BEGIN Material to process
(* For every block $i\in\{1,\dots,N\}$, the function $\hat u_i^*(\epsilon)=\sum_{\gamma_G,\gamma_H\in\{H_1,\dots,H_K\}}u_i^*(\langle\epsilon,\gamma_G,\gamma_H\rangle)$ is non-increasing in the battery energy state $\epsilon$.
   Context: Finite-horizon MDP with $N$ blocks of length $\tau>0$. Parameters: $B_m>0$, positive integers $M,K$; channel levels $0<H_1<\dots<H_K$; $R,W,\sigma^2,g_0,\theta,d_G,d_H>0$; $p_G^{\max},p_H^{\max}>0$; weights $w_G,w_D>0$; $E_{H}$ a random variable with density $f_{E_H}$ on $[0,E_m]$. A state is $s=\langle\epsilon,\gamma_G,\gamma_H\rangle$ with $\epsilon\in\{(2m-1)B_m/(2M): m=1,\dots,M\}$ and $\gamma_G,\gamma_H\in\{H_1,\dots,H_K\}$. Let $p^{inv}_j(s)=(2^{R/(W\tau)}-1)\sigma^2(g_0 d_j^{-\theta}\gamma_j)^{-1}$ for $j\in\{G,H\}$, $\kappa=\min\{p_G^{\max},w_D(w_G\tau)^{-1}\}$, and $c(s)=w_D$ if $p^{inv}_G(s)>\kappa$, $c(s)=w_G p^{inv}_G(s)\tau$ otherwise. The allowable actions are $\mathcal{A}_s=\{0\}$ if $p^{inv}_H(s)>\min\{\epsilon/\tau,p_H^{\max}\}$ and $\mathcal{A}_s=\{0,1\}$ otherwise; the cost is $c(s,\alpha)=(1-\alpha)c(s)$. Transitions: given $s$ and $\alpha$, the next channel states $\gamma_G',\gamma_H'$ are independent, each uniform on $\{H_1,\dots,H_K\}$, independent of the next energy state $\epsilon'=Q(\epsilon-\alpha p^{inv}_H(s)\tau+E_H)$, where $Q(\varepsilon)=\big(2\min\{\lfloor M\min\{\varepsilon,B_m\}/B_m\rfloor+1,M\}-1\big)B_m/(2M)$; denote the resulting transition probability $p(s'|s,\alpha)$. Optimal cost-to-go functions: $u_N^*(s)=\min_{\alpha\in\mathcal{A}_s}c(s,\alpha)$ and, for $i<N$, $u_i^*(s)=\min_{\alpha\in\mathcal{A}_s}\{c(s,\alpha)+\sum_{s'}p(s'|s,\alpha)u_{i+1}^*(s')\}$. *)

From HB Require Import structures.
From mathcomp Require Import all_boot all_order all_algebra.
From mathcomp Require Import all_classical all_reals all_analysis.
Set Implicit Arguments. Unset Strict Implicit. Unset Printing Implicit Defensive.
Import Order.TTheory GRing.Theory Num.Theory.
Local Open Scope ring_scope.
Local Open Scope classical_set_scope.
Lemma connected_between_closure {A B} : connected A -> A `<=` B -> B `<=` closure A ->
  connected B.
Proof.
move=> ctdA AB BcA U U0 [C1 oC1 C1E] [C2 cC2 C2E].
have AU : A `<=` U.
  rewrite -setIidPl; apply: ctdA.
  - move: U0; rewrite C1E => -[z [Bz C1z]].
    have [w [Aw C1w]] := BcA z Bz C1 (open_nbhs_nbhs (conj oC1 C1z)).
    by exists w; split => //; split => //; exact: AB.
  - by exists C1 => //; rewrite C1E setIA (setIidl AB).
  - by exists C2 => //; rewrite C2E setIA (setIidl AB).
apply/seteqP; split; first by rewrite C2E; apply: subIsetl.
move=> x Bx; rewrite C2E; split => //.
have sA : A `<=` C2 by move=> y /AU; rewrite C2E => -[].
by have := closureS sA; rewrite -((closure_id C2).1 cC2); apply; exact: BcA.
Qed.

Lemma connected_component_closure {A x y} : A x -> A y ->
  closure (connected_component A x) y -> connected_component A x y.
Proof.
move=> Ax Ay cly.
apply: (connected_component_max (B := connected_component A x `|` [set y])).
- by left; exact: connected_component_refl.
- by move=> z [/connected_component_sub //|->].
- apply: (connected_between_closure (@component_connected _ A x)); first by move=> z; left.
  by move=> z [/subset_closure //|->].
- by right.
Qed.

Lemma connected_component_closure_eq {A x1 x2 y} : A x1 -> A x2 -> A y ->
  closure (connected_component A x1) y -> closure (connected_component A x2) y ->
  connected_component A x1 = connected_component A x2.
Proof.
move=> Ax1 Ax2 Ay c1 c2.
rewrite (same_connected_component (connected_component_closure Ax1 Ay c1)).
by rewrite (same_connected_component (connected_component_closure Ax2 Ay c2)).
Qed.

Lemma closure_image {U : topologicalType} {f : T -> U} {A p} :
  {for p, continuous f} -> closure A p -> closure (f @` A) (f p).
Proof.
move=> cf clAp B /cf /clAp [x [Ax Bfx]].
by exists (f x); split => //; exists x.
Qed.

Lemma totally_disconnected_connected_sub {S A : set T} {x} :
  totally_disconnected S -> connected A -> A `<=` S -> A x -> A = [set x].
Proof.
move=> tdS cA AS Ax; apply/seteqP; split => [y Ay|y ->//].
by rewrite -(tdS x (AS x Ax)); exact: connected_component_max Ax AS cA y Ay.
Qed.

Lemma connected_finite_set1 {A a} : hausdorff_space T -> finite_set A -> connected A ->
  A a -> A = [set a].
Proof.
move=> hT fA cA Aa.
have fin_closed : forall B : set T, finite_set B -> closed B.
  exact/accessible_finite_set_closed/hausdorff_accessible.
symmetry; apply: cA.
- by exists a.
- exists (~` (A `\ a)).
    by apply: closed_openC; apply: fin_closed; exact: sub_finite_set (@subDsetl _ A [set a]) fA.
  apply/seteqP; split => x; first by move=> ->; split => // -[_]; apply.
  by move=> [Ax nx]; apply: contrapT => xa; apply: nx.
- exists [set a]; first by apply: fin_closed; exact: finite_set1.
  by apply/seteqP; split => x; [move=> ->|move=> [_ ->]].
Qed.
End topology.

Theorem lemma3p16 (R : realType) (D : set (R * R)) (f : R * R -> R * R)
    (R1 R2 Omega : set (R * R)) :
  open D -> light D f -> C1_on D f ->
  is_component (D `\` f @^-1` (f @` crit D f `|` clusterC D f)) R1 ->
  is_component (D `\` f @^-1` (f @` crit D f `|` clusterC D f)) R2 ->
  R1 <> R2 ->
  closure R1 `&` closure R2 !=set0 ->
  f @` R1 = Omega -> f @` R2 = Omega ->
  finite_set (bdry Omega `&` interior (closure Omega)) ->
  ~ exists gamma : set (R * R),
      [/\ gamma !=set0, ~ degenerate gamma, connected gamma,
          gamma `<=` (closure R1 `&` closure R2 `&` D) `\` crit D f &
          open (R1 `|` R2 `|` gamma)].
Proof.
move=> oD lf C1f [x1 [Vx1 eR1]] [x2 [Vx2 eR2]] R12 _ fR1 fR2 fin
  [gamma [[g0 gg0] ndeg cg gsub oW]].
set V := D `\` _ in Vx1 Vx2 eR1 eR2.
have gD q : gamma q -> D q by move=> /gsub [[_ ]].
have notV q : gamma q -> ~ V q.
  move=> /gsub [[[c1 c2] _] _] Vq; apply: R12; rewrite eR1 eR2 in c1 c2 *.
  exact: connected_component_closure_eq Vx1 Vx2 Vq c1 c2.
have notOmega q : gamma q -> ~ Omega (f q).
  move=> gq; rewrite -fR1 => -[r R1r frq].
  have [_ Er] : V r by move: R1r; rewrite eR1; exact: connected_component_sub.
  have Efq : ~ (f @` crit D f `|` clusterC D f) (f q) by rewrite -frq; exact: Er.
  by apply: (notV q gq); split; [exact: gD | exact: Efq].
have fW : f @` (R1 `|` R2 `|` gamma) `<=` closure Omega.
  move=> _ [w [[R1w|R2w]|gw] <-].
  - by apply: subset_closure; rewrite -fR1; exists w.
  - by apply: subset_closure; rewrite -fR2; exists w.
  - have [[[c1 _] Dw] _] := gsub w gw.
    by rewrite -fR1; exact: closure_image (C1_on_continuous oD C1f Dw) c1.
have fg_sub : f @` gamma `<=` bdry Omega `&` interior (closure Omega).
  move=> _ [q gq <-]; have [[[_ _] Dq] ncr] := gsub q gq.
  have J0 : jac f q != 0 by apply/eqP => J0; apply: ncr.
  have Wq : nbhs q (R1 `|` R2 `|` gamma) by apply: open_nbhs_nbhs; split => //; right.
  split; last exact: filterS fW (C1_on_nbhs_image oD C1f Dq J0 Wq).
  split; first by apply: fW; exists q => //; right.
  by move/interior_subset; exact: notOmega.
have fgamma : f @` gamma = [set f g0].
  exact (connected_finite_set1 (@norm_hausdorff _ _) (sub_finite_set fg_sub fin)
    (C1_on_connected_image oD C1f gD cg) (imageP _ gg0)).
apply: ndeg; exists g0; apply: totally_disconnected_connected_sub (lf (f g0)) cg _ gg0.
move=> q gq; split; first exact: gD.
have : (f @` gamma) (f q) by exists q.
by rewrite fgamma.
Qed.
Lemma proj_e_hom : alg_hom proj_e.
Proof. by split=> *; apply: truncB_eq => /=; ring. Qed.
Lemma proj_a_hom : alg_hom proj_a.
Proof. by split=> *; apply: truncB_eq => /=; ring. Qed.
Lemma proj_b_hom : alg_hom proj_b.
Proof. by split=> *; apply: truncB_eq => /=; ring. Qed.
Lemma proj_d_hom : alg_hom proj_d.
Proof. by split=> *; apply: truncB_eq => /=; ring. Qed.

Definition truncB_section (A : algType k) (e1 e2 a b c d : A) (y : W) : A :=
  t1 y *: e1 + t2 y *: e2 + ta y *: a + tb y *: b + tc y *: c + td y *: d
  + tab y *: (a * b) + tda y *: (d * a).

Lemma truncB_sectionK (A : algType k) (e1 e2 a b c d : A) (psi : A -> W) :
  alg_hom psi ->
  [/\ psi e1 = tE1, psi e2 = tE2, psi a = tA & [/\ psi b = tB, psi c = tC & psi d = tD]] ->
  cancel (truncB_section e1 e2 a b c d) psi.
Proof.
case=> fD fZ fM _ [h1 h2 ha [hb hc hd]] y.
rewrite /truncB_section !fD !fZ !fM h1 h2 ha hb hc hd.
by apply: truncB_eq => /=; ring.
Qed.

Lemma truncB_radical_unit (j : W) : t1 j = 0 -> t2 j = 0 ->
  (1 + j) * (1 - j + j * j) = 1 /\ (1 - j + j * j) * (1 + j) = 1.
Proof. by case: j => /= ? ? ? ? ? ? ? ? -> ->; split; apply: truncB_eq => /=; ring. Qed.

Lemma truncB_radical_idem (E : W) : E * E = E -> t1 E = 0 -> t2 E = 0 -> E = 0.
Proof.
move=> hE h1 h2.
have E3 : E * E * E = 0.
  by case: E h1 h2 {hE} => /= ? ? ? ? ? ? ? ? -> ->; apply: truncB_eq => /=; ring.
by rewrite -E3 !hE.
Qed.

Lemma truncB_vertex_conj (e E : W) : e = tE1 \/ e = tE2 -> E * E = E ->
  t1 E = t1 e -> t2 E = t2 e -> exists u u', [/\ u * u' = 1, u' * u = 1 & u * E * u' = e].
Proof.
move=> he hE h1 h2.
have e_idem : e * e = e by case: he => ->; apply: truncB_eq => /=; ring.
pose u := e * E + (1 - e) * (1 - E).
have [u' [uu' u'u]] : exists u', u * u' = 1 /\ u' * u = 1.
  have [j1 j2] : t1 (u - 1) = 0 /\ t2 (u - 1) = 0.
    by rewrite /= h1 h2; case: he => -> /=; split; ring.
  by have := truncB_radical_unit j1 j2; rewrite addrC subrK; exists (1 - (u - 1) + (u - 1) * (u - 1)).
exists u, u'; split=> //.
by rewrite /u idem_intertwine // -mulrA uu' mulr1.
Qed.

Lemma truncB_idem (E : W) : E * E = E ->
  [\/ E = 0, E = 1, exists u u', [/\ u * u' = 1, u' * u = 1 & u * E * u' = tE1]
    | exists u u', [/\ u * u' = 1, u' * u = 1 & u * E * u' = tE2]].
Proof.
move=> hE; have := congr1 t1 hE; have := congr1 t2 hE.
rewrite /= => /scalar_idem[] h2 /scalar_idem[] h1.
- by apply: Or41; apply: truncB_radical_idem.
- by apply: Or43; apply: truncB_vertex_conj; rewrite ?h1 ?h2; auto.
- by apply: Or44; apply: truncB_vertex_conj; rewrite ?h1 ?h2; auto.
- apply: Or42; apply/esym/eqP; rewrite -subr_eq0; apply/eqP/truncB_radical_idem.
  + by rewrite mulrBl mul1r mulrBr mulr1 hE subrr subr0.
  + by rewrite /= h1 subrr.
  + by rewrite /= h2 subrr.
Qed.

End TruncB.

Arguments tE1 {k q}. Arguments tE2 {k q}. Arguments tA {k q}.
Arguments tB {k q}. Arguments tC {k q}. Arguments tD {k q}.
Arguments proj_e {k q}. Arguments proj_a {k q}. Arguments proj_b {k q}. Arguments proj_d {k q}.
Arguments misses_arrow {k q}.

Section OntoTruncB.
Variables (k : fieldType) (p q : k) (A : algType k) (e1 e2 a b c d : A).
Hypothesis HB : is_B p e1 e2 a b c d.

Lemma onto_truncB_hits_arrows (tau : A -> truncB q) (s : truncB q -> A) :
  alg_hom tau -> cancel s tau ->
  ~ misses_arrow (tau e1) (tau e2) (tau a) (tau b) (tau c) (tau d).
Proof.
move=> htau hs.
have proj_onto π : alg_hom π ->
    agree6 π proj_e (tau e1) (tau e2) (tau a) (tau b) (tau c) (tau d) -> π =1 proj_e.
  move=> hπ agr y; rewrite -[y]hs.
  exact: (is_B_hom_ext HB (comp_hom htau hπ) (comp_hom htau (proj_e_hom q))).
case=> agr.
- by move: (proj_onto _ (proj_a_hom q) agr tA) => /(congr1 ta) /= /eqP; rewrite oner_eq0.
- by move: (proj_onto _ (proj_b_hom q) agr tB) => /(congr1 tb) /= /eqP; rewrite oner_eq0.
- by move: (proj_onto _ (proj_d_hom q) agr tD) => /(congr1 td) /= /eqP; rewrite oner_eq0.
Qed.

Lemma B_onto_truncB (tau : A -> truncB q) (s : truncB q -> A) :
  alg_hom tau -> cancel s tau -> p = q.
Proof.
move=> htau hs; have [//|npq] := eqVneq p q; exfalso.
have [[tau_idem _ _ _ t12] _ _] := B_rels_hom htau HB.1.
have noncomm : ~ (forall x y, tau x * tau y = tau y * tau x).
  by move=> comm; apply: (negP (truncB_noncomm q)); rewrite -(hs tE1) -(hs tB) comm.
case: (truncB_idem tau_idem) => [tau_e1 | tau_e1 | [u [u' [uu' u'u ue]]] | [u [u' [uu' u'u ue]]]].
- by apply: noncomm; apply: (is_B_comm HB htau); left.
- apply: noncomm; apply: (is_B_comm HB htau); right.
  by apply: (addrI 1); rewrite -tau_e1 t12 addr0.
- have hσ := comp_hom htau (conj_hom uu' u'u).
  apply: (onto_truncB_hits_arrows hσ (conj_cancel hs uu')).
  by have := B_rels_hom hσ HB.1; rewrite /= ue => /(rels_at_e1_misses_arrow npq).
- have hσ := comp_hom htau (conj_hom uu' u'u).
  apply: (onto_truncB_hits_arrows hσ (conj_cancel hs uu')).
  by have := B_rels_hom hσ HB.1; rewrite /= ue => /(rels_at_e2_misses_arrow npq).
Qed.

End OntoTruncB.

Theorem corollary2p11 (k : closedFieldType) (hchar : [pchar k] =i pred0)
    (p q : k) (hp : p != 0) (hq : q != 0)
    (Bq : algType k) (e1 e2 a b c d : Bq)
    (Bp : algType k) (f1 f2 a' b' c' d' : Bp) :
  is_B q e1 e2 a b c d -> is_B p f1 f2 a' b' c' d' ->
  alg_iso Bq Bp -> p = q.
Proof.
move=> HBq HBp [phi [hphi [phi' phiK phi'K]]].
have [psi [hpsi psi_gens]] := (HBq.2 _ _ _ _ _ _ _ (truncB_rels q)).1.
apply: (B_onto_truncB HBp (comp_hom (can_hom hphi phiK phi'K) hpsi)
          (s := phi \o truncB_section e1 e2 a b c d)).
by move=> y /=; rewrite phiK (truncB_sectionK hpsi psi_gens).
Qed.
END Material to process
Work request: Please transcribe the data exactly from its first line. End with the line that contains "rewrite -setIidPl; apply: ctdA.".

Answer section:
(* For every block $i\in\{1,\dots,N\}$, the function $\hat u_i^*(\epsilon)=\sum_{\gamma_G,\gamma_H\in\{H_1,\dots,H_K\}}u_i^*(\langle\epsilon,\gamma_G,\gamma_H\rangle)$ is non-increasing in the battery energy state $\epsilon$.
   Context: Finite-horizon MDP with $N$ blocks of length $\tau>0$. Parameters: $B_m>0$, positive integers $M,K$; channel levels $0<H_1<\dots<H_K$; $R,W,\sigma^2,g_0,\theta,d_G,d_H>0$; $p_G^{\max},p_H^{\max}>0$; weights $w_G,w_D>0$; $E_{H}$ a random variable with density $f_{E_H}$ on $[0,E_m]$. A state is $s=\langle\epsilon,\gamma_G,\gamma_H\rangle$ with $\epsilon\in\{(2m-1)B_m/(2M): m=1,\dots,M\}$ and $\gamma_G,\gamma_H\in\{H_1,\dots,H_K\}$. Let $p^{inv}_j(s)=(2^{R/(W\tau)}-1)\sigma^2(g_0 d_j^{-\theta}\gamma_j)^{-1}$ for $j\in\{G,H\}$, $\kappa=\min\{p_G^{\max},w_D(w_G\tau)^{-1}\}$, and $c(s)=w_D$ if $p^{inv}_G(s)>\kappa$, $c(s)=w_G p^{inv}_G(s)\tau$ otherwise. The allowable actions are $\mathcal{A}_s=\{0\}$ if $p^{inv}_H(s)>\min\{\epsilon/\tau,p_H^{\max}\}$ and $\mathcal{A}_s=\{0,1\}$ otherwise; the cost is $c(s,\alpha)=(1-\alpha)c(s)$. Transitions: given $s$ and $\alpha$, the next channel states $\gamma_G',\gamma_H'$ are independent, each uniform on $\{H_1,\dots,H_K\}$, independent of the next energy state $\epsilon'=Q(\epsilon-\alpha p^{inv}_H(s)\tau+E_H)$, where $Q(\varepsilon)=\big(2\min\{\lfloor M\min\{\varepsilon,B_m\}/B_m\rfloor+1,M\}-1\big)B_m/(2M)$; denote the resulting transition probability $p(s'|s,\alpha)$. Optimal cost-to-go functions: $u_N^*(s)=\min_{\alpha\in\mathcal{A}_s}c(s,\alpha)$ and, for $i<N$, $u_i^*(s)=\min_{\alpha\in\mathcal{A}_s}\{c(s,\alpha)+\sum_{s'}p(s'|s,\alpha)u_{i+1}^*(s')\}$. *)

From HB Require Import structures.
From mathcomp Require Import all_boot all_order all_algebra.
From mathcomp Require Import all_classical all_reals all_analysis.
Set Implicit Arguments. Unset Strict Implicit. Unset Printing Implicit Defensive.
Import Order.TTheory GRing.Theory Num.Theory.
Local Open Scope ring_scope.
Local Open Scope classical_set_scope.
Lemma connected_between_closure {A B} : connected A -> A `<=` B -> B `<=` closure A ->
  connected B.
Proof.
move=> ctdA AB BcA U U0 [C1 oC1 C1E] [C2 cC2 C2E].
have AU : A `<=` U.
  rewrite -setIidPl; apply: ctdA.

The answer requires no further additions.